# The Definitive FRC Team 937 Guide to PID

{% hint style="danger" %}

## THIS IS A WORK IN PROGRESS. ANYTHING AND EVERYTHING IT CURRENTLY SAYS COULD BE WRONG. WE WILL UPDATE IT AS WE LEARN MORE.

{% endhint %}

We're hoping to learn more about PID over the next year or so. As we do, this guide will grow and mature. For now, here's a bunch of links that help explain How To PID.
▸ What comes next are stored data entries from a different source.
Lemma flow_ratio_le_gap b d M : 0 < d -> B != set0 ->
    (forall x, x \in B -> b + d <= psi x) -> (forall y, y \notin B -> psi y <= b) ->
    (forall y, psi y <= M) ->
  d * flow_ratio mu p B <= lam * M.
Proof.
move=> d_gt0 B_n0 psi_hi psi_lo psi_le.
have D_gt0 : 0 < \sum_(x in B) mu x by exact: sumr_gt0_set.
have P_gt0 : 0 < \sum_(x in B) mu x * psi x.
  by apply: sumr_gt0_set => // x xB; rewrite mulr_gt0 ?psi_B_gt0.
set D := \sum_(x in B) mu x; set P := \sum_(x in B) mu x * psi x.
set N := \sum_(x in B) \sum_(y | y \notin B) mu x * p x y.
have dN_le : d * N <= lam * P.
  rewrite flow_identity /N mulr_sumr; apply: ler_sum => x xB.
  rewrite mulr_sumr; apply: ler_sum => y yB.
  rewrite mulrC ler_wpM2l ?mulr_ge0 ?(ltW (mu_gt0 x)) //.
  by have := psi_hi x xB; have := psi_lo y yB; lra.
have lam_ge0 : 0 <= lam.
  rewrite -(pmulr_lge0 _ P_gt0); apply: le_trans dN_le.
  rewrite mulr_ge0 ?(ltW d_gt0) // sumr_ge0 // => x _.
  by rewrite sumr_ge0 // => y _; rewrite mulr_ge0 // ltW.
have P_le : P <= M * D.
  rewrite /P /D mulr_sumr; apply: ler_sum => x _.
  by rewrite mulrC ler_wpM2r // ltW.
rewrite /flow_ratio boundary_flowE -/N -/D mulrA ler_pdivrMr //.
by apply: le_trans dN_le _; rewrite -mulrA ler_wpM2l.
Qed.
End FlowRatio.

Theorem lemma6 (R : realType) (T : finType) (p : T -> T -> R) (mu : T -> R)
    (A : {set T}) (lam : R) (psi0 : T -> R) :
  stochastic p ->
  (forall x, 0 < mu x) ->
  reversible mu p ->
  (exists x, x \notin A) ->
  irreducible_on (killed p A) (~: A) ->
  aperiodic_on (killed p A) (~: A) ->
  largest_eigenvalue (killed p A) (1 - lam) ->
  (forall x, 0 <= psi0 x) ->
  eigenvector (killed p A) (1 - lam) psi0 ->
  exists b : R, 0 <= b /\
    let B := [set x | b < psi0 x] in
    [/\ B != set0,
        (#|T|%:R)^-1 * flow_ratio mu p B <= lam
      & lam <= flow_ratio mu p B].
Proof.
move=> p_stoch mu_gt0 p_rev [x0 x0A] irr _ lam_top psi_ge0 [[xn psi_xn] psi_eig].
have Q_ge0 := killed_ge0 A p_stoch.1.
have lam_lt1 : 0 < 1 - lam.
  have x0D : x0 \in ~: A by rewrite inE.
  have [[|n] [//= _ /(mpow_gt0_row_gt0 Q_ge0)[z Qz_gt0]]] := irr x0 x0 x0D x0D.
  exact: largest_eigenvalue_gt0 mu_gt0 (killed_reversible A p_rev) Q_ge0
    Qz_gt0 lam_top.
have psiA := killed_eigenvector_eq0 (lt0r_neq0 lam_lt1) psi_eig.
have psi_eigE := killed_eigenvectorE (lt0r_neq0 lam_lt1) psi_eig.
case: (@arg_maxP _ _ T xn xpredT psi0 isT) => xm _ psi_max.
have M_gt0 : 0 < psi0 xm.
  by apply: lt_le_trans (psi_max xn isT); rewrite lt_def psi_xn psi_ge0.
have [b [b_ge0 b_lt gap]] := exists_level_gap (fun y => psi_max y isT) M_gt0.
exists b; split => //=; set B := [set x | b < psi0 x].
have B_n0 : B != set0 by apply/set0Pn; exists xm; rewrite inE.
have psi_B_gt0 x : x \in B -> 0 < psi0 x by rewrite inE; exact: le_lt_trans.
have psi_B_eig x : x \in B -> \sum_y p x y * psi0 y = (1 - lam) * psi0 x.
  move=> xB; apply: psi_eigE; apply: contraTN xB => /psiA.
  by rewrite inE -leNgt => ->.
have psi_hi x : x \in B -> b + psi0 xm / #|T|%:R <= psi0 x.
  by rewrite inE => b_lt_x; move: (gap x); rewrite leNgt b_lt_x.
have psi_lo y : y \notin B -> psi0 y <= b by rewrite inE -leNgt.
have d_gt0 : 0 < psi0 xm / #|T|%:R.
  by rewrite divr_gt0 // ltr0n; apply/card_gt0P; exists xm.
split=> //.
- have gap_bound := flow_ratio_le_gap p_stoch mu_gt0 p_rev psi_B_gt0 (lam := lam)
    psi_B_eig d_gt0 B_n0 psi_hi psi_lo (fun y => psi_max y isT).
  by rewrite -mulrA (mulrC lam) ler_pM2l in gap_bound.
- exact: (flow_ratio_ge p_stoch mu_gt0 p_rev psi_B_gt0 (lam := lam) psi_B_eig
    B_n0 psi_ge0).
Qed.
PID control is really complicated, but at a basic level it's a form of closed-loop control, so it uses a feedback sensor (for our purposes, almost always an encoder) to quickly and efficiently move to and maintain a set velocity or position, known as the setpoint. It uses a number of gains, namely Proportional gain, Integral gain, Derivative gain, and nowadays usually a feedforward. This is where the name PID comes from - Proportional, Integral, and Derivative.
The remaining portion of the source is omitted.